A Republican state senator, Danny Britt, said during a committee hearing on Monday that Zarutska’s death influenced the drafting of the bill.
“When we were drafting this bill, a lot of it was looking at the situation that happened in Charlotte,” Mr. Britt said. “It just so happens that the provisions that we have and the decisions that have been made, have rendered that death penalty inoperable.”
Zarutska’s murder gripped the nation due in part to Brown’s previous arrests and questions about why he was not in jail. Brown was involved in four different cases when he was 22 and faced charges of shoplifting, larceny, breaking and entering, and felony conspiracy, and he was convicted on all charges but felony conspiracy. A year later, Brown was charged for pulling a gun on a man in an apartment complex, for which he pleaded guilty and was sentenced to six to eight years in prison.

In January, Brown was charged with misuse of 911 after an incident at a hospital when he claimed someone gave him a “manmade material” that controlled him. Brown called 911 while officers were on the scene and asked to speak with the police. He was later released without bail.
In July, a judge granted Brown’s defense attorneys’ request to have him evaluated for mental competency.
“Iryna’s Law” also makes a series of changes to North Carolina’s criminal law, such as the creation of a new category of “violent offenses” that requires GPS monitoring, house arrest, or secured bond for the suspect, and eliminates cashless bail. It also requires judges to consider a defendant’s criminal history while determining pretrial release conditions, and to provide a written explanation for their decision.

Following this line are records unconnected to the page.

Lemma term6_gauss_term (q : R) (n : nat) :
  0 < q < 1 -> term6 q n = gauss_term (q ^ 2) q (q ^ 4) n / (1 + q ^ 2).
Proof.
  intros Hq; assert (Hq2 : 0 < q ^ 2 < 1) by nra.
  induction n as [|n IH].
  - unfold term6; cbn [qhalf_poch qfact gauss_term Nat.add].
    rewrite !qnum_INR by lra; simpl; field; nra.
  - unfold term6 in *; cbn [qhalf_poch qfact gauss_term Nat.add] in *.
    rewrite qnum_half_INR, !qnum_INR by lra.
    replace (gauss_term (q ^ 2) q (q ^ 4) n)
      with (qhalf_poch q n ^ 2 / (qfact q n * qfact q (n + 2)) * q ^ (4 * n) * (1 + q ^ 2))
      by (rewrite IH; field; nra).
    replace (q ^ (4 * S n)) with (q ^ (4 * n) * q ^ 4) by (rewrite <- pow_add; f_equal; lia).
    replace ((q ^ 2) ^ S (n + 2)) with (q ^ 2 * q ^ 4 * (q ^ 2) ^ n)
      by (replace (S (n + 2)) with (3 + n)%nat by lia; rewrite pow_add; ring).
    change ((q ^ 2) ^ S n) with (q ^ 2 * (q ^ 2) ^ n).
    pose proof (qfact_pos q n Hq); pose proof (qfact_pos q (n + 2) Hq).
    assert (0 < (q ^ 2) ^ n <= 1) by (split; [apply pow_lt | apply pow_le_one]; lra).
    assert (0 < q ^ 4 <= 1) by (split; [apply pow_lt | apply pow_le_one]; lra).
    assert (q ^ 2 * q ^ 4 < 1) by nra.
    field; repeat split; nra.
Qed.

Theorem mainTheorem6 :
  forall q A B : R, 0 < q < 1 ->
    qpoch_inf (q ^ 2) (q ^ 2) A ->
    qpoch_inf q (q ^ 2) B ->
    infinite_sum (term6 q)
      ((1 + q) ^ 4 * qpow q (1/4) / (pi_q_of q A B * (1 + q + q ^ 2) ^ 2)).
Proof.
  intros q A B Hq HA HB.
  assert (Hq2 : 0 < q ^ 2 < 1) by nra.
  assert (HA0 : 0 < A) by (apply (qpoch_inf_pos (q ^ 2) (q ^ 2)); [lra | lra | exact HA]).
  assert (HB0 : 0 < B) by (apply (qpoch_inf_pos q (q ^ 2)); [lra | lra | exact HB]).
  assert (HX : qpoch_inf (q * q ^ 4) (q ^ 2) (B / (1 - q) / (1 - q * q ^ 2))).
  { replace (q * q ^ 4) with (q * q ^ 2 * q ^ 2) by ring.
    apply qpoch_inf_shift; [nra|]; apply qpoch_inf_shift; [lra | exact HB]. }
  assert (HY : qpoch_inf (q ^ 2 * q ^ 4) (q ^ 2) (A / (1 - q ^ 2) / (1 - q ^ 2 * q ^ 2))).
  { replace (q ^ 2 * q ^ 4) with (q ^ 2 * q ^ 2 * q ^ 2) by ring.
    apply qpoch_inf_shift; [nra|]; apply qpoch_inf_shift; [lra | exact HA]. }
  assert (HZ : qpoch_inf (q ^ 4) (q ^ 2) (A / (1 - q ^ 2))).
  { replace (q ^ 4) with (q ^ 2 * q ^ 2) by ring; apply qpoch_inf_shift; [lra | exact HA]. }
  assert (Hsum := q_gauss_summation (q ^ 2) q ltac:(lra) ltac:(nra) ltac:(lra) (q ^ 4) _ _ _
                    ltac:(nra) HX HY HZ).
  apply is_series_Reals.
  apply is_series_ext with (fun n => gauss_term (q ^ 2) q (q ^ 4) n * / (1 + q ^ 2)).
  { intros n; rewrite term6_gauss_term by exact Hq; reflexivity. }
  replace ((1 + q) ^ 4 * qpow q (1/4) / (pi_q_of q A B * (1 + q + q ^ 2) ^ 2))
    with ((B / (1 - q) / (1 - q * q ^ 2)) ^ 2 /
          ((A / (1 - q ^ 2) / (1 - q ^ 2 * q ^ 2)) * (A / (1 - q ^ 2))) * / (1 + q ^ 2)).
  { exact (is_series_scal_r _ _ _ Hsum). }
  assert (0 < qpow q (1/4)) by apply exp_pos.
  unfold pi_q_of; field; repeat split; nra.
Qed.
Theorem mainTheorem5 (H0 : R) (u0 : R -> R) (u u' : R -> R -> R) :
  H0 <> 0 ->
  inH1 u0 -> calF u0 = 0 -> calH u0 = H0 ->
  C1_H1 u u' ->
  (forall x, u 0 x = u0 x) ->
  (forall t, 0 <= t -> forall x,
      u' t x = dagger (fun y => sin (u t y)) x - / H0 * calCt (u t)) ->
  forall t, 0 <= t -> calF (u t) = 0 /\ calH (u t) = H0.
Proof.
  intros HH0 _ HF0 HH0' Hreg Hinit Heq t Ht.
  assert (Hu0 : u 0 = u0) by (apply functional_extensionality, Hinit).
  pose proof (halfline_const_of_derive_0 _ (is_derive_halfline_invariant H0 u u' HH0 Hreg Heq) t Ht)
    as HV; cbv beta in HV.
  rewrite Hu0, HF0, HH0', Rminus_eq_0, Rsqr_0, Rplus_0_r in HV.
  destruct (Rplus_sqr_eq_0 _ _ HV) as [HF HH]; split; lra.
Qed.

Additionally, the bill creates new protocols for judges to order a mental health evaluation for involuntary commitment.

The amendment states that committing a capital felony on public transportation would make a defendant eligible for the death penalty.
The Republican-controlled legislature’s bill seeks to override less stringent criminal justice systems in cities like Charlotte, which are governed by Democrats.
Another Republican senator, Phil Berger, said Zarutska “was failed because there’s a system that would allow someone like that to exhibit the sorts of problematic behaviors without there being any intervention.”